History of Present Illness: Ms J. K. is an 83 year old retired nurse with a long history of hypertension that
was previously well controlled on diuretic therapy. She was first admitted to CPMC in 1995 when she
presented with a complaint of intermittent midsternal chest pain. Her electrocardiogram at that time
showed first degree atrioventricular block, and a chest X-ray showed mild pulmonary congestion, with
cardiomegaly. Myocardial infarction was ruled out by the lack of electrocardiographic and cardiac enzyme
abnormalities. Patient was discharged after a brief stay on a regimen of enalapril, and lasix, and digoxin,
for presumed congestive heart failure. Since then she has been followed closely by her cardiologist.
Aside from hypertension and her postmenopausal state, the patient denies other coronary artery disease risk
factors, such as diabetes, cigarette smoking, hypercholesterolemia or family history for heart disease. Since
her previous admission, she describes a stable two pillow orthopnea, dyspnea on exertion after walking two
blocks, and a mild chronic ankle edema which is worse on prolonged standing. She denies syncope,
paroxysmal nocturnal dyspnea, or recent chest pains.
She was well until 11pm on the night prior to admission when she noted the onset of “aching pain under
her breast bone” while sitting, watching television. The pain was described as “heavy” and “toothache”

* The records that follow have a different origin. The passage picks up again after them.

Lemma frechet_diff_strict_complementarity :
  frechet_diff S u -> strict_complementarity A u (S u).
Proof.
move=> diff i yi0; have /VI_solE sub := S_sol u.
case: (Rlt_le_dec (Rabs (multiplier A u (S u) i)) 1) => // q_ge1; exfalso.
set s := multiplier A u (S u) i in q_ge1.
have s1 : Rabs s = 1 by have [_ [_]] := sub i; rewrite -/s; lra.
set KA := mabs A; have KA0 : 0 <= KA := mabs_ge0 A.
(* eps makes the remainder r below satisfy norm1 r < t and KA * norm1 r < 1. *)
set eps := / (4 * (KA + 1) * (KA + 1)).
have eps_pos : 0 < eps by apply: Rinv_0_lt_compat; nra.
have eps_eq : eps * (4 * (KA + 1) * (KA + 1)) = 1 by apply: Rinv_l; nra.
have [epsKA epsKA2] : 2 * eps * KA <= 1 / 2 /\ 2 * eps * KA * KA <= 1 / 2.
  have := Rmult_le_pos eps (KA * KA + KA + 1); have := Rmult_le_pos eps (2 * KA + 1).
  by split; nra.
have [delta [delta_pos second]] := frechet_diff_second_difference diff eps_pos.
have [t [t_pos [t_le1 KAt_lt]]] := exists_small_step KA0 delta_pos.
set w := basisv i (t * s); set h := mulv A w.
have norm1_w : norm1 w = t.
  rewrite /norm1 (vsum_single (i := i)) /w /basisv ?eqxx.
    by rewrite Rabs_mult s1 Rmult_1_r Rabs_right //; lra.
  by move=> j /eqP /negbTE ->; rewrite Rabs_R0.
have h_le : norm1 h <= KA * t by rewrite -norm1_w; apply: norm1_mulv_le.
have S_plus := S_translate_active yi0 (erefl s) s1 (Rlt_le _ _ t_pos).
set r := vadd (vsub (S (vsub u h)) (S u)) w.
have r_le : norm1 r <= 2 * eps * (KA * t).
  have := second h (Rle_lt_trans _ _ _ h_le KAt_lt).
  rewrite (norm1_ext (y := r)) => [r_le|j]; last by rewrite S_plus -/w /r /vadd /vsub; ring.
  by apply: Rle_trans r_le _; apply: Rmult_le_compat_l; lra.
have r_lt : norm1 r < t by nra.
have := VI_sol_reflection_far yi0 (erefl s) s1 t_pos (S_sol (vsub u h)) r_lt.
rewrite -/w -/r -/KA; have := Rmult_le_compat_l KA _ _ KA0 r_le.
have := Rmult_le_compat_r t _ _ (Rlt_le _ _ t_pos) epsKA2.
lra.
Qed.

End Differentiability.

Theorem lemma4p1 (n : nat) (A : mat n) (S : vec n -> vec n)
  (hsym : mat_symmetric A) (hpd : pos_def A)
  (hS : forall u : vec n, VI_sol A u (S u))
  (u : vec n) :
  frechet_diff S u <->
  (forall v : vec n, Kcone A u (S u) v <-> (forall i, S u i = 0 -> v i = 0)).
Proof.
have Kcone_strict := Kcone_eq_subspace (hS u).
split => [diff | Kspan].
- exact/Kcone_strict/(frechet_diff_strict_complementarity hpd hS).
- exact/(strict_complementarity_frechet_diff hpd hS)/Kcone_strict.
Qed.
(* Suppose there is a norm $\|\cdot\|$ on $\mathbb R^n$ and $L>0$ such that $f$ is $2$-uniformly smooth on $\mathrm{dom}(\Psi)$ with constant $L$. (a) If moreover $\Psi$ is $2$-uniformly convex on $\mathrm{dom}(\Psi)$ with constant $\mu>0$, then $(\mathcal D,\mathrm{gap})$ satisfies the $(2,1)$-growth property with $M=2L/\mu$. (b) If $\Psi=\delta_C$ is the indicator function of a closed convex set $C\subseteq\mathbb R^n$ which is $2$-uniformly convex with constant $\mu>0$, and $\ell:=\inf_{x\in C}\|\nabla f(x)\|^*>0$, then $(\mathcal D,\mathrm{gap})$ satisfies the $(2,1)$-growth property with $M=2L/(\ell\mu)$. Here the $(2,1)$-growth property with constant $M$ means: for all $x\in\mathrm{dom}(\Psi)$, $g=\nabla f(x)$, $s\in\partial\Psi^*(-g)$, $\mathcal D(x,s,\theta)\le\frac{M\theta^2}{2}\mathrm{gap}(x,g)$ for all $\theta\in[0,1]$.
   Context: Let $f,\Psi:\mathbb{R}^n\to\mathbb{R}\cup\{\infty\}$ be closed proper convex functions such that (A1) $f$ is differentiable on $\mathrm{dom}(\Psi)$, and (A2) for every $x\in\mathrm{dom}(f)$ the set $\arg\min_s\{\langle\nabla f(x),s\rangle+\Psi(s)\}$ is nonempty. $f^*,\Psi^*$ denote convex conjugates; $\arg\min_y\{\langle g,y\rangle+\Psi(y)\}=\partial\Psi^*(-g)$. $D_f(y,x)=f(y)-f(x)-\langle\nabla f(x),y-x\rangle$. $\mathrm{gap}(x,u)=f(x)+\Psi(x)+f^*(u)+\Psi^*(-u)$. $\mathcal{D}(x,s,\theta)=D_f(x+\theta(s-x),x)+\Psi(x+\theta(s-x))-(1-\theta)\Psi(x)-\theta\Psi(s)$. $\|\cdot\|^*$ is the dual norm. $f$ is $q$-uniformly smooth on $C$ with constant $L$ if for all $x,y\in C$, $\theta\in[0,1]$: $f(x+\theta(y-x))\ge(1-\theta)f(x)+\theta f(y)-\frac Lq\theta(1-\theta)\|y-x\|^q$. $\Psi$ is $p$-uniformly convex on $C$ with constant $\mu$ ($p\ge2$) if for all $x,y\in C$, $\theta\in[0,1]$: $\Psi(x+\theta(y-x))\le(1-\theta)\Psi(x)+\theta\Psi(y)-\frac\mu p\theta(1-\theta)\|y-x\|^p$. A closed convex set $C$ is $p$-uniformly convex with constant $\mu$ ($p\ge2$) if for all $x,y\in C$, $\theta\in[0,1]$ and $\|z\|\le1$: $x+\theta(y-x)+\frac\mu p\theta(1-\theta)\|y-x\|^pz\in C$. *)

From HB Require Import structures.
From mathcomp Require Import all_boot all_order all_algebra.
From mathcomp Require Import all_classical all_reals.
From mathcomp Require Import ereal topology normedtype sequences.
Set Implicit Arguments. Unset Strict Implicit. Unset Printing Implicit Defensive.
Import Order.TTheory GRing.Theory Num.Theory numFieldNormedType.Exports.
Local Open Scope classical_set_scope.
Local Open Scope ring_scope.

like. It was not noted to radiate, nor increase with exertion. She denied nausea, vomiting, diaphoresis,
palpitations, dizziness, or loss of consciousness. She took 2 tablespoon of antacid without relief, but did
manage to fall sleep. In the morning she awoke free of pain, however upon walking to the bathroom, the
pain returned with increased severity. At this time she called her daughter, who gave her an aspirin and
brought her immediately to the emergency room. Her electrocardiogram on presentation showed sinus
tachycardia at 110, with marked ST elevation in leads I, AVL, V4-V6 and occasional ventricular
paroxysmal contractions. Patient immediately received thrombolytic therapy and cardiac medications, and
was transferred to the intensive care unit.